Look below for lines that hold the string "Import" and copy each one.

=====

(* For every signature $\Sigma$, the data $\mathcal F_\Sigma$ described below form a category with families. Moreover, if the variable system has the de Bruijn property, then $\mathcal F_\Sigma$ is a contextual category with families.
   Context: Fix an infinite set $V$ of variables with decidable equality, and a fresh variable provider: functions $\varphi,\mathsf{fr}$ assigning to each finite $X\subseteq V$ an inhabited subset $\varphi(X)\subseteq V\setminus X$ and an element $\mathsf{fr}(X)\in\varphi(X)$. The variable system has the de Bruijn property if $\varphi(X)=\{\mathsf{fr}(X)\}$ for all finite $X$. Fix disjoint sets $F$ (function symbols) and $T$ (type symbols) with decidable equality. Preelements are terms built from variables and symbols of $F$; a pretype is $S(t_1,\ldots,t_n)$ with $S\in T$ and $t_i$ preelements. $\mathrm{V}(E)$ is the set of variables of an expression $E$, $\equiv$ is syntactic identity, and $E[\bar a/\bar x]$ is simultaneous substitution. A precontext is a sequence $\Gamma=x_1:A_1,\ldots,x_n:A_n$ of pretypes with $x_k\in\varphi(\{x_1,\ldots,x_{k-1}\})$ and $\mathrm{V}(A_k)\subseteq\{x_1,\ldots,x_{k-1}\}$; $\mathrm{OV}(\Gamma)=x_1,\ldots,x_n$, $\mathrm{V}(\Gamma)=\{x_1,\ldots,x_n\}$, $\mathrm{Fresh}(\Gamma)=\varphi(\mathrm{V}(\Gamma))$, $\mathrm{fresh}(\Gamma)=\mathsf{fr}(\mathrm{V}(\Gamma))$, $E[\bar a/\Gamma]=E[\bar a/x_1,\ldots,x_n]$. Top variables: $\mathrm{TV}(\langle\rangle)=\emptyset$, $\mathrm{TV}(\Gamma,x:A)=(\mathrm{TV}(\Gamma)\setminus\mathrm{V}(A))\cup\{x\}$. A determining sequence for $\Gamma$ is a strictly increasing $\bar i=i_1,\ldots,i_k$ in $\{1,\ldots,n\}$ with $\mathrm{TV}(\Gamma)\subseteq\{x_{i_1},\ldots,x_{i_k}\}$; for $\bar a=a_1,\ldots,a_n$ put $\bar a_{\bar i}=a_{i_1},\ldots,a_{i_k}$. A type predeclaration is $(\Gamma,S,\bar i)$ with $S\in T$, $\bar i$ determining; a function predeclaration is $(\Gamma,f,\bar i,U)$ with $f\in F$, $\bar i$ determining, $U$ a pretype with $\mathrm{V}(U)\subseteq\mathrm{V}(\Gamma)$. A presignature is a set $\Sigma$ of predeclarations with no symbol declared twice. Judgements are ''$\Gamma$ context'', ''$A$ type $(\Gamma)$'', ''$a:A\ (\Gamma)$''. $\mathcal{J}(\Sigma)$ is the smallest set of judgements closed under: (R1) $\langle\rangle$ context; (R2) from $\Gamma$ context and $A$ type $(\Gamma)$ infer $\Gamma,x:A$ context, for $x\in\mathrm{Fresh}(\Gamma)$; (R3) from $x_1:A_1,\ldots,x_n:A_n$ context infer $x_i:A_i\ (x_1:A_1,\ldots,x_n:A_n)$; (R4) if $(\Gamma,S,\bar i)\in\Sigma$ and $\bar a:\Delta\to\Gamma$, infer $S(\bar a_{\bar i})$ type $(\Delta)$; (R5) if $(\Gamma,f,\bar i,U)\in\Sigma$, $\bar a:\Delta\to\Gamma$ and $U[\bar a/\Gamma]$ type $(\Delta)$, infer $f(\bar a_{\bar i}):U[\bar a/\Gamma]\ (\Delta)$. Here, for $\Gamma=x_1:A_1,\ldots,x_n:A_n$, the context map ''$\bar a:\Delta\to\Gamma$'' abbreviates the $n+2$ judgements $\Delta$ context, $\Gamma$ context, and $a_k:A_k[a_1,\ldots,a_{k-1}/x_1,\ldots,x_{k-1}]\ (\Delta)$ for $k=1,\ldots,n$. $\Sigma$ is a signature if ($\Gamma$ context)$\in\mathcal{J}(\Sigma)$ whenever $(\Gamma,S,\bar i)\in\Sigma$, and ($U$ type $(\Gamma)$)$\in\mathcal{J}(\Sigma)$ whenever $(\Gamma,f,\bar i,U)\in\Sigma$. A category with families (cwf) consists of: a category $\mathcal C$ with a terminal object $\top$; for each object $\Gamma$ a class $\mathrm{Ty}(\Gamma)$, and for $f:\Delta\to\Gamma$ a function $A\mapsto A\{f\}:\mathrm{Ty}(\Gamma)\to\mathrm{Ty}(\Delta)$ with $A\{1\}=A$, $A\{f\circ g\}=A\{f\}\{g\}$; for $A\in\mathrm{Ty}(\Gamma)$ an object $\Gamma.A$ and a morphism $\mathrm{p}(A)=\mathrm{p}_\Gamma(A):\Gamma.A\to\Gamma$; for $A\in\mathrm{Ty}(\Gamma)$ a class $\mathrm{Tm}(\Gamma,A)$ and for $f:\Delta\to\Gamma$ a function $a\mapsto a\{f\}:\mathrm{Tm}(\Gamma,A)\to\mathrm{Tm}(\Delta,A\{f\})$ with $a\{1\}=a$, $a\{f\circ g\}=a\{f\}\{g\}$; for each $A\in\mathrm{Ty}(\Gamma)$ an element $\mathrm{v}_A\in\mathrm{Tm}(\Gamma.A,A\{\mathrm{p}(A)\})$; for $f:\Delta\to\Gamma$ and $a\in\mathrm{Tm}(\Delta,A\{f\})$ a morphism $\langle f,a\rangle_A:\Delta\to\Gamma.A$ such that $\mathrm{p}(A)\circ\langle f,a\rangle_A=f$, $\mathrm{v}_A\{\langle f,a\rangle_A\}=a$, $\langle\mathrm{p}(A)\circ h,\mathrm{v}_A\{h\}\rangle_A=h$ for every $h:\Delta\to\Gamma.A$, and $\langle f,a\rangle_A\circ g=\langle f\circ g,a\{g\}\rangle_A$. A cwf is contextual if every object $\Gamma$ equals $\top.A_1.\cdots.A_n$ for a unique sequence $A_1\in\mathrm{Ty}(\top)$, $A_2\in\mathrm{Ty}(\top.A_1)$, $\ldots$, $A_n\in\mathrm{Ty}(\top.A_1.\cdots.A_{n-1})$, $n\ge 0$. The data $\mathcal F_\Sigma$: objects are precontexts $\Gamma$ with ($\Gamma$ context)$\in\mathcal{J}(\Sigma)$; morphisms $\Delta\to\Gamma$ are triples $(\Delta,\Gamma,\bar a)$ with $\bar a:\Delta\to\Gamma$ a context map in $\mathcal{J}(\Sigma)$; composition $(\Gamma,\Theta,\bar t)\circ(\Delta,\Gamma,\bar s)=(\Delta,\Theta,(t_1[\bar s/\Gamma],\ldots,t_k[\bar s/\Gamma]))$; identity $(\Gamma,\Gamma,\mathrm{OV}(\Gamma))$; terminal object the empty context $\langle\rangle$. $\mathrm{Ty}(\Gamma)=\{(\Gamma,A): (A\text{ type }(\Gamma))\in\mathcal{J}(\Sigma)\}$ with $(\Gamma,A)\{(\Delta,\Gamma,\bar a)\}=(\Delta,A[\bar a/\Gamma])$; $\mathrm{Tm}(\Gamma,(\Gamma,A))=\{((\Gamma,A),a): (a:A\ (\Gamma))\in\mathcal{J}(\Sigma)\}$ with $((\Gamma,A),a)\{(\Delta,\Gamma,\bar a)\}=((\Delta,A[\bar a/\Gamma]),a[\bar a/\Gamma])$. For $\mathrm S=(\Gamma,S)\in\mathrm{Ty}(\Gamma)$: $\Gamma.\mathrm S=\langle\Gamma,\mathrm{fresh}(\Gamma):S\rangle$, $\mathrm{p}_\Gamma(\mathrm S)=(\Gamma.\mathrm S,\Gamma,\mathrm{OV}(\Gamma))$, $\mathrm{v}_{\mathrm S}=((\Gamma.\mathrm S,S),\mathrm{fresh}(\Gamma))$, and $\langle(\Delta,\Gamma,\bar s),((\Delta,S[\bar s/\Gamma]),b)\rangle_{\mathrm S}=(\Delta,\Gamma.\mathrm S,(\bar s,b))$. *)

From Stdlib Require Import List Arith Sorted.
Import ListNotations.
Set Implicit Arguments.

=====

**RESPONSE FOR THIS EXERCISE**
From Stdlib Require Import List Arith Sorted.
Import ListNotations.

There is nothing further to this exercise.